The actor, who has also dabbled in regional films and theatre, is now gaining ground in the Hindi film industry. After the release of her recent film, Hunterrr, she gets candid about her struggling days, what took her so long to get noticed, and more.
You belong to a Maharashtrian family in Pune. How did your parents react when you told them that you wanted to become an actor?
Nobody from my family is from Bollywood, but they are extremely liberal. They never told me what to do. However, they were a bit scared initially because of what one usually hears (about the industry). When I came here, I realised that it’s as good or bad as any other industry. Nobody exploits you unless you want to be exploited. As long as you know what you want to do, and you don’t want to ‘compromise’ on certain things, you don’t have to. I made some wonderful friends here and met some amazing people.
Was not knowing anyone in a new city a daunting task for you?
It was. The disadvantage in this case is that you spend a long time trying to get your first break. So, those years when you could’ve done a lot of work are actually spent struggling and waiting. Also, just because you get a film doesn’t mean that you will continue getting a great amount of work. The struggle goes on. Even today, all the actors that I am friends with, I know what they go through. But if you have contacts and your career starts early, you have more time in hand to make it big.

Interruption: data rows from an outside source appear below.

(* Let $\mathbb{C}=(\mathbf{C},0,\mathbf{D},\mathcal{R})$ be a reactive system with redex IPOs and let $O$ be a set of contextual barbs. If the set of all labels (all arrows of $\mathbf{C}$) is $O$-capturing and each label is stable under barbed saturated bisimilarity $\sim^{BS}$, then IPO-bisimilarity $\sim^{I}$ coincides with $\sim^{BS}$.
   Context: A reactive system consists of a category $\mathbf{C}$, a distinguished object $0$, a composition-reflecting subcategory $\mathbf{D}$ of reactive contexts, and a set $\mathcal{R}\subseteq\bigcup_I\mathbf{C}(0,I)\times\mathbf{C}(0,I)$ of reduction rules. Terms are arrows with domain $0$; $C[P]$ denotes $C[-]\circ P$. Reduction: $P\rightsquigarrow Q$ iff $P=d\circ l$, $Q=d\circ r$ for some $\langle l,r\rangle\in\mathcal{R}$, $d\in\mathbf{D}$. For a commuting square $c_1\circ a_1=c_2\circ a_2$ with $a_1:K\to I_2$, $a_2:K\to I_3$, $c_1:I_2\to I_4$, $c_2:I_3\to I_4$, a candidate is $\langle I_5,e,f,g\rangle$ with $e\circ a_1=f\circ a_2$, $g\circ e=c_1$, $g\circ f=c_2$; an RPO is a candidate through which every other candidate $\langle I_6,e',f',g'\rangle$ factors via a unique $h:I_5\to I_6$ ($h\circ e=e'$, $h\circ f=f'$, $g'\circ h=g$); the square is an IPO if $\langle I_4,c_1,c_2,\mathrm{id}\rangle$ is an RPO. A redex square is a commuting square $C[-]\circ P=d\circ l$ with $\langle l,r\rangle\in\mathcal{R}$, $d\in\mathbf{D}$; the system has redex IPOs if every redex square has a candidate $\langle I_5,e,f,g\rangle$ for which the square $e\circ P=f\circ l$ is an IPO. IPO transitions: $P\xrightarrow{C[-]}_I d\circ r$ if $d\in\mathbf{D}$, $\langle l,r\rangle\in\mathcal{R}$ and $C[-]\circ P=d\circ l$ is an IPO. IPO-bisimilarity $\sim^I$ is ordinary strong bisimilarity on this labelled transition system. Barbs are predicates on terms; $P\downarrow_o$ means $P$ satisfies $o\in O$. Barbed saturated bisimilarity $\sim^{BS}$ is the largest symmetric relation $\mathcal{R}'$ such that if $P\,\mathcal{R}'\,Q$ then for all arrows $C[-]$ composable with $P$: $C[P]\downarrow_o$ implies $C[Q]\downarrow_o$, and $C[P]\rightsquigarrow P'$ implies $C[Q]\rightsquigarrow Q'$ with $P'\,\mathcal{R}'\,Q'$. A barb $o$ is contextual if whenever ($P\downarrow_o$ implies $Q\downarrow_o$) then for all $C[-]$, $C[P]\downarrow_o$ implies $C[Q]\downarrow_o$. A set of labels $L$ is $O$-capturing if for each $o\in O$ there is $C[-]\in L$ such that for every term $P$, $P\downarrow_o$ iff $P\xrightarrow{C[-]}_I P'$ for some $P'$. A label $C[-]$ is stable under a relation $\mathcal{R}'$ if whenever $P\,\mathcal{R}'\,Q$ and $P\xrightarrow{C[-]}_I P'$ there is $Q'$ with $Q\xrightarrow{C[-]}_I Q'$ and $P'\,\mathcal{R}'\,Q'$. *)

Record Category := {
  Ob : Type;
  Hom : Ob -> Ob -> Type;
  comp : forall (A B C : Ob), Hom B C -> Hom A B -> Hom A C;
  idc : forall A : Ob, Hom A A;
  comp_assoc : forall A B C D (h : Hom C D) (g : Hom B C) (f : Hom A B),
      comp A B D (comp B C D h g) f = comp A C D h (comp A B C g f);
  comp_id_l : forall A B (f : Hom A B), comp A B B (idc B) f = f;
  comp_id_r : forall A B (f : Hom A B), comp A A B f (idc A) = f
}.

Arguments Hom {c} _ _.
Arguments comp {c A B C} _ _.
Arguments idc {c} A.

Section Pushouts.
Variable Cat : Category.

Definition is_candidate {K I2 I3 I4 : Ob Cat}
  (a1 : Hom K I2) (a2 : Hom K I3) (c1 : Hom I2 I4) (c2 : Hom I3 I4)
  (I5 : Ob Cat) (e : Hom I2 I5) (f : Hom I3 I5) (g : Hom I5 I4) : Prop :=
  comp e a1 = comp f a2 /\ comp g e = c1 /\ comp g f = c2.

Definition is_RPO {K I2 I3 I4 : Ob Cat}
  (a1 : Hom K I2) (a2 : Hom K I3) (c1 : Hom I2 I4) (c2 : Hom I3 I4)
  (I5 : Ob Cat) (e : Hom I2 I5) (f : Hom I3 I5) (g : Hom I5 I4) : Prop :=
  is_candidate a1 a2 c1 c2 I5 e f g /\
  forall (I6 : Ob Cat) (e' : Hom I2 I6) (f' : Hom I3 I6) (g' : Hom I6 I4),
    is_candidate a1 a2 c1 c2 I6 e' f' g' ->
    exists h : Hom I5 I6,
      (comp h e = e' /\ comp h f = f' /\ comp g' h = g) /\
      forall h' : Hom I5 I6,
        (comp h' e = e' /\ comp h' f = f' /\ comp g' h' = g) -> h' = h.

Definition is_IPO {K I2 I3 I4 : Ob Cat}
  (a1 : Hom K I2) (a2 : Hom K I3) (c1 : Hom I2 I4) (c2 : Hom I3 I4) : Prop :=
  comp c1 a1 = comp c2 a2 /\ is_RPO a1 a2 c1 c2 I4 c1 c2 (idc I4).

End Pushouts.

Arguments is_candidate {Cat K I2 I3 I4} a1 a2 c1 c2 I5 e f g.
Arguments is_RPO {Cat K I2 I3 I4} a1 a2 c1 c2 I5 e f g.
Arguments is_IPO {Cat K I2 I3 I4} a1 a2 c1 c2.

Record ReactiveSystem := {
  rs_cat : Category;
  rs_zero : Ob rs_cat;
  (* the subcategory D of reactive contexts, as a predicate on arrows *)
  rs_D : forall (I J : Ob rs_cat), Hom I J -> Prop;
  rs_D_comp : forall I J K (d : Hom J K) (d' : Hom I J),
      rs_D J K d -> rs_D I J d' -> rs_D I K (comp d d');
  rs_D_reflect : forall I J K (d : Hom J K) (d' : Hom I J),
      rs_D I K (comp d d') -> rs_D J K d /\ rs_D I J d';
  rs_rules : forall I : Ob rs_cat, Hom rs_zero I -> Hom rs_zero I -> Prop
}.

Arguments rs_D {r I J} _.
Arguments rs_rules {r I} _ _.

Section Reactive.
Variable RS : ReactiveSystem.

Notation Obj := (Ob (rs_cat RS)).
Notation Arr := (@Hom (rs_cat RS)).
Notation z := (rs_zero RS).

(* Terms are arrows with domain 0.  Relations on terms relate terms of the
   same interface (codomain), so that the same contexts apply to both. *)
Definition term_rel := forall I : Obj, Arr z I -> Arr z I -> Prop.

Definition reduces {J : Obj} (P Q : Arr z J) : Prop :=
  exists (K : Obj) (l r : Arr z K) (d : Arr K J),
    rs_rules l r /\ rs_D d /\ P = comp d l /\ Q = comp d r.

Definition has_redex_IPOs : Prop :=
  forall (I2 I3 I4 : Obj) (P : Arr z I2) (C : Arr I2 I4)
         (l r : Arr z I3) (d : Arr I3 I4),
    rs_rules l r -> rs_D d -> comp C P = comp d l ->
    exists (I5 : Obj) (e : Arr I2 I5) (f : Arr I3 I5) (g : Arr I5 I4),
      is_candidate P l C d I5 e f g /\ is_IPO P l e f.

Definition ipo_trans {I J : Obj} (P : Arr z I) (C : Arr I J) (P' : Arr z J)
  : Prop :=
  exists (K : Obj) (l r : Arr z K) (d : Arr K J),
    rs_D d /\ rs_rules l r /\ P' = comp d r /\ is_IPO P l C d.

(* The same transition relation, for a term P and a label C that need not be
   composable a priori (then there is no transition). *)
Definition ipo_trans_any {K I J : Obj} (P : Arr z K) (C : Arr I J)
  (P' : Arr z J) : Prop :=
  exists H : K = I, ipo_trans (eq_rect K (fun X => Arr z X) P I H) C P'.

Definition ipo_bisimulation (R : term_rel) : Prop :=
  forall (I : Obj) (P Q : Arr z I), R I P Q ->
    (forall (J : Obj) (C : Arr I J) (P' : Arr z J), ipo_trans P C P' ->
       exists Q', ipo_trans Q C Q' /\ R J P' Q') /\
    (forall (J : Obj) (C : Arr I J) (Q' : Arr z J), ipo_trans Q C Q' ->
       exists P', ipo_trans P C P' /\ R J P' Q').

Definition ipo_bisim : term_rel :=
  fun I P Q => exists R : term_rel, ipo_bisimulation R /\ R I P Q.

Section Barbs.
Variable O : Type.
Variable barb : O -> forall I : Obj, Arr z I -> Prop.

Definition symmetric_rel (R : term_rel) : Prop :=
  forall I P Q, R I P Q -> R I Q P.

Definition bs_bisimulation (R : term_rel) : Prop :=
  symmetric_rel R /\
  forall (I : Obj) (P Q : Arr z I), R I P Q ->
    forall (J : Obj) (C : Arr I J),
      (forall o : O, barb o J (comp C P) -> barb o J (comp C Q)) /\
      (forall P' : Arr z J, reduces (comp C P) P' ->
         exists Q', reduces (comp C Q) Q' /\ R J P' Q').

Definition bs_bisim : term_rel :=
  fun I P Q => exists R : term_rel, bs_bisimulation R /\ R I P Q.

Definition contextual_barb (o : O) : Prop :=
  forall (I : Obj) (P Q : Arr z I),
    (barb o I P -> barb o I Q) ->
    forall (J : Obj) (C : Arr I J), barb o J (comp C P) -> barb o J (comp C Q).

Definition all_labels_O_capturing : Prop :=
  forall o : O, exists (I J : Obj) (C : Arr I J),
    forall (K : Obj) (P : Arr z K),
      barb o K P <-> exists P' : Arr z J, ipo_trans_any P C P'.

End Barbs.

Definition label_stable {I J : Obj} (C : Arr I J) (R : term_rel) : Prop :=
  forall (P Q : Arr z I) (P' : Arr z J), R I P Q -> ipo_trans P C P' ->
    exists Q', ipo_trans Q C Q' /\ R J P' Q'.

End Reactive.

Arguments reduces {RS J} P Q.
Arguments ipo_trans {RS I J} P C P'.
Arguments ipo_trans_any {RS K I J} P C P'.


(* IPO-bisimilarity is closed under contexts on the nose: a reduction of C[P]
   factors, by a redex IPO, through an IPO transition P --e-->_I P'' whose
   label e is a prefix of C, and the matching transition of Q rebuilds a
   reduction of C[Q].  Barbs are captured by labels and contextual, so the
   context closure of ~I is a barbed saturated bisimulation.  Conversely,
   stability of all labels says exactly that ~BS is an IPO-bisimulation. *)

Section Coincidence.
Variable RS : ReactiveSystem.
Variable O : Type.
Variable barb : O -> forall I : Ob (rs_cat RS), Hom (rs_zero RS) I -> Prop.

Notation Obj := (Ob (rs_cat RS)).
Notation term I := (Hom (rs_zero RS) I).

Lemma ipo_bisim_sym : symmetric_rel RS (ipo_bisim RS).
Proof.
  intros I P Q [R [HR HPQ]].
  exists (fun I P Q => R I Q P). split; [|exact HPQ].
  intros I0 P0 Q0 H. destruct (HR _ _ _ H) as [Hfw Hbw]. split; intros J C T Ht.
  - destruct (Hbw _ _ _ Ht) as [T' [Ht' HR']]. eauto.
  - destruct (Hfw _ _ _ Ht) as [T' [Ht' HR']]. eauto.
Qed.

Lemma bs_bisim_sym : symmetric_rel RS (bs_bisim RS O barb).
Proof.
  intros I P Q [R [[Hsym HR] HPQ]]. exists R. split; [split|]; auto.
Qed.

Lemma ipo_bisim_trans {I J : Obj} (P Q : term I) (C : Hom I J) (P' : term J) :
  ipo_bisim RS I P Q -> ipo_trans P C P' ->
  exists Q', ipo_trans Q C Q' /\ ipo_bisim RS J P' Q'.
Proof.
  intros [R [HR HPQ]] Ht.
  destruct (proj1 (HR _ _ _ HPQ) _ _ _ Ht) as [Q' [HQ' HR']].
  exists Q'. split; [exact HQ'|]. exists R. auto.
Qed.

Lemma ipo_bisim_barb :
  all_labels_O_capturing RS O barb ->
  forall (o : O) (I : Obj) (P Q : term I),
    ipo_bisim RS I P Q -> barb o I P -> barb o I Q.
Proof.
  intros Hcap o I P Q HPQ HP.
  destruct (Hcap o) as [Io [Jo [Co HCo]]].
  apply HCo in HP. destruct HP as [P' [E Ht]].
  apply HCo. destruct E. simpl in Ht.
  destruct (ipo_bisim_trans P Q Co P' HPQ Ht) as [Q' [HQ' _]].
  exists Q', eq_refl. exact HQ'.
Qed.

Lemma reduces_ctx_ipo_trans :
  has_redex_IPOs RS ->
  forall (I J : Obj) (P : term I) (C : Hom I J) (P' : term J),
    reduces (comp C P) P' ->
    exists (K : Obj) (e : Hom I K) (g : Hom K J) (P'' : term K),
      ipo_trans P e P'' /\ rs_D g /\ comp g e = C /\ P' = comp g P''.
Proof.
  intros Hred I J P C P' [K [l [r [d [Hrule [Hd [Heq ->]]]]]]].
  destruct (Hred _ _ _ P C l r d Hrule Hd Heq)
    as [I5 [e [f [g [[_ [HgeC Hgf]] Hipo]]]]].
  subst d. destruct (rs_D_reflect _ _ _ _ _ _ Hd) as [Hg Hf].
  exists I5, e, g, (comp f r). repeat split; auto.
  - exists K, l, r, f. auto.
  - apply comp_assoc.
Qed.

Lemma ipo_trans_ctx_reduces {I K J : Obj} (Q : term I) (e : Hom I K)
    (g : Hom K J) (Q' : term K) :
  ipo_trans Q e Q' -> rs_D g -> reduces (comp (comp g e) Q) (comp g Q').
Proof.
  intros [K' [l [r [d [Hd [Hrule [-> [Hsq _]]]]]]]] Hg.
  exists K', l, r, (comp g d). repeat split; auto.
  - apply rs_D_comp; auto.
  - rewrite !comp_assoc, Hsq. reflexivity.
  - symmetry. apply comp_assoc.
Qed.

Definition ctx_closure (R : term_rel RS) : term_rel RS := fun I P Q =>
  exists (J : Obj) (g : Hom J I) (P0 Q0 : term J),
    R J P0 Q0 /\ P = comp g P0 /\ Q = comp g Q0.

Lemma ctx_closure_refl (R : term_rel RS) (I : Obj) (P Q : term I) :
  R I P Q -> ctx_closure R I P Q.
Proof.
  intros HPQ. exists I, (idc I), P, Q. rewrite !comp_id_l. auto.
Qed.

Lemma ctx_closure_sym (R : term_rel RS) :
  symmetric_rel RS R -> symmetric_rel RS (ctx_closure R).
Proof.
  intros Hsym I P Q [J [g [P0 [Q0 [HR [-> ->]]]]]].
  exists J, g, Q0, P0. auto.
Qed.

Lemma ctx_closure_ipo_bisim_bs_bisimulation :
  has_redex_IPOs RS ->
  (forall o : O, contextual_barb RS O barb o) ->
  all_labels_O_capturing RS O barb ->
  bs_bisimulation RS O barb (ctx_closure (ipo_bisim RS)).
Proof.
  intros Hred Hctx Hcap.
  split; [apply ctx_closure_sym, ipo_bisim_sym|].
  intros I P Q [J [g [P0 [Q0 [HPQ [-> ->]]]]]] J' C. split.
  - intros o Ho. rewrite <- comp_assoc in Ho |- *.
    exact (Hctx o J P0 Q0 (ipo_bisim_barb Hcap o J P0 Q0 HPQ) _ _ Ho).
  - intros P' Hr. rewrite <- comp_assoc in Hr.
    destruct (reduces_ctx_ipo_trans Hred _ _ P0 (comp C g) P' Hr)
      as [K [e [g' [P'' [Ht [Hg' [HCg ->]]]]]]].
    destruct (ipo_bisim_trans P0 Q0 e P'' HPQ Ht) as [Q'' [HtQ HPQ'']].
    exists (comp g' Q''). split.
    + rewrite <- comp_assoc, <- HCg.
      exact (ipo_trans_ctx_reduces Q0 e g' Q'' HtQ Hg').
    + exists K, g', P'', Q''. auto.
Qed.

Lemma ipo_bisim_sub_bs_bisim :
  has_redex_IPOs RS ->
  (forall o : O, contextual_barb RS O barb o) ->
  all_labels_O_capturing RS O barb ->
  forall (I : Obj) (P Q : term I),
    ipo_bisim RS I P Q -> bs_bisim RS O barb I P Q.
Proof.
  intros Hred Hctx Hcap I P Q HPQ.
  exists (ctx_closure (ipo_bisim RS)). split.
  - exact (ctx_closure_ipo_bisim_bs_bisimulation Hred Hctx Hcap).
  - exact (ctx_closure_refl _ I P Q HPQ).
Qed.

Lemma bs_bisim_ipo_bisimulation :
  (forall (I J : Obj) (C : Hom I J), label_stable RS C (bs_bisim RS O barb)) ->
  ipo_bisimulation RS (bs_bisim RS O barb).
Proof.
  intros Hst I P Q HPQ. split.
  - intros J C P' Ht. exact (Hst _ _ C _ _ _ HPQ Ht).
  - intros J C Q' Ht.
    destruct (Hst _ _ C _ _ _ (bs_bisim_sym _ _ _ HPQ) Ht) as [P' [HtP HQP]].
    exists P'. split; [exact HtP | exact (bs_bisim_sym _ _ _ HQP)].
Qed.

End Coincidence.

Theorem mainTheorem3 (RS : ReactiveSystem) (O : Type)
  (barb : O -> forall I : Ob (rs_cat RS), Hom (rs_zero RS) I -> Prop) :
  has_redex_IPOs RS ->
  (forall o : O, contextual_barb RS O barb o) ->
  all_labels_O_capturing RS O barb ->
  (forall (I J : Ob (rs_cat RS)) (C : Hom I J),
      label_stable RS C (bs_bisim RS O barb)) ->
  forall (I : Ob (rs_cat RS)) (P Q : Hom (rs_zero RS) I),
    ipo_bisim RS I P Q <-> bs_bisim RS O barb I P Q.
Proof.
  intros Hred Hctx Hcap Hst I P Q. split.
  - exact (ipo_bisim_sub_bs_bisim RS O barb Hred Hctx Hcap I P Q).
  - intros HPQ. exists (bs_bisim RS O barb).
    split; [exact (bs_bisim_ipo_bisimulation RS O barb Hst) | exact HPQ].
Qed.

Your role in Badlapur garnered attention. Even Rishi Kapoor praised your performance on Twitter. Did you expect this?
The first reaction I got was, ‘Oh, we didn’t know you were in the film.’ After Shor In The City (2011), I took a long break and started studying dance in London, UK, so many people forgot about me. Even before Badlapur released, during the promotions, there wasn’t much I could reveal about my role. That worked as a plus point and it came as a twist in the film. So, I guess that sort of helped.
Was it difficult balancing movies in Bollywood along with other film industries and theatre?
I wasn’t doing a lot of work in Bollywood. In three years, I did five Hindi films, which is not bad, but it’s not like I’m constantly busy. I have plenty of time to do other work. Plus, I’ve been choosy about the kind of work that I’ve done in regional cinema.
When you entered Bollywood, what did you think were your chances of making it big?
I knew that I don’t have a mainstream Bollywood face. Until Badlapur, because of all the typecasting, nobody could believe that I could be offered glamorous parts in films. Now, I’m suddenly getting glamorous roles, and that’s really funny. But I don’t want to stop doing regional films. It’s not like I took up regional projects because I was sitting at home; I did them out of interest. And I’ll continue to do theatre too.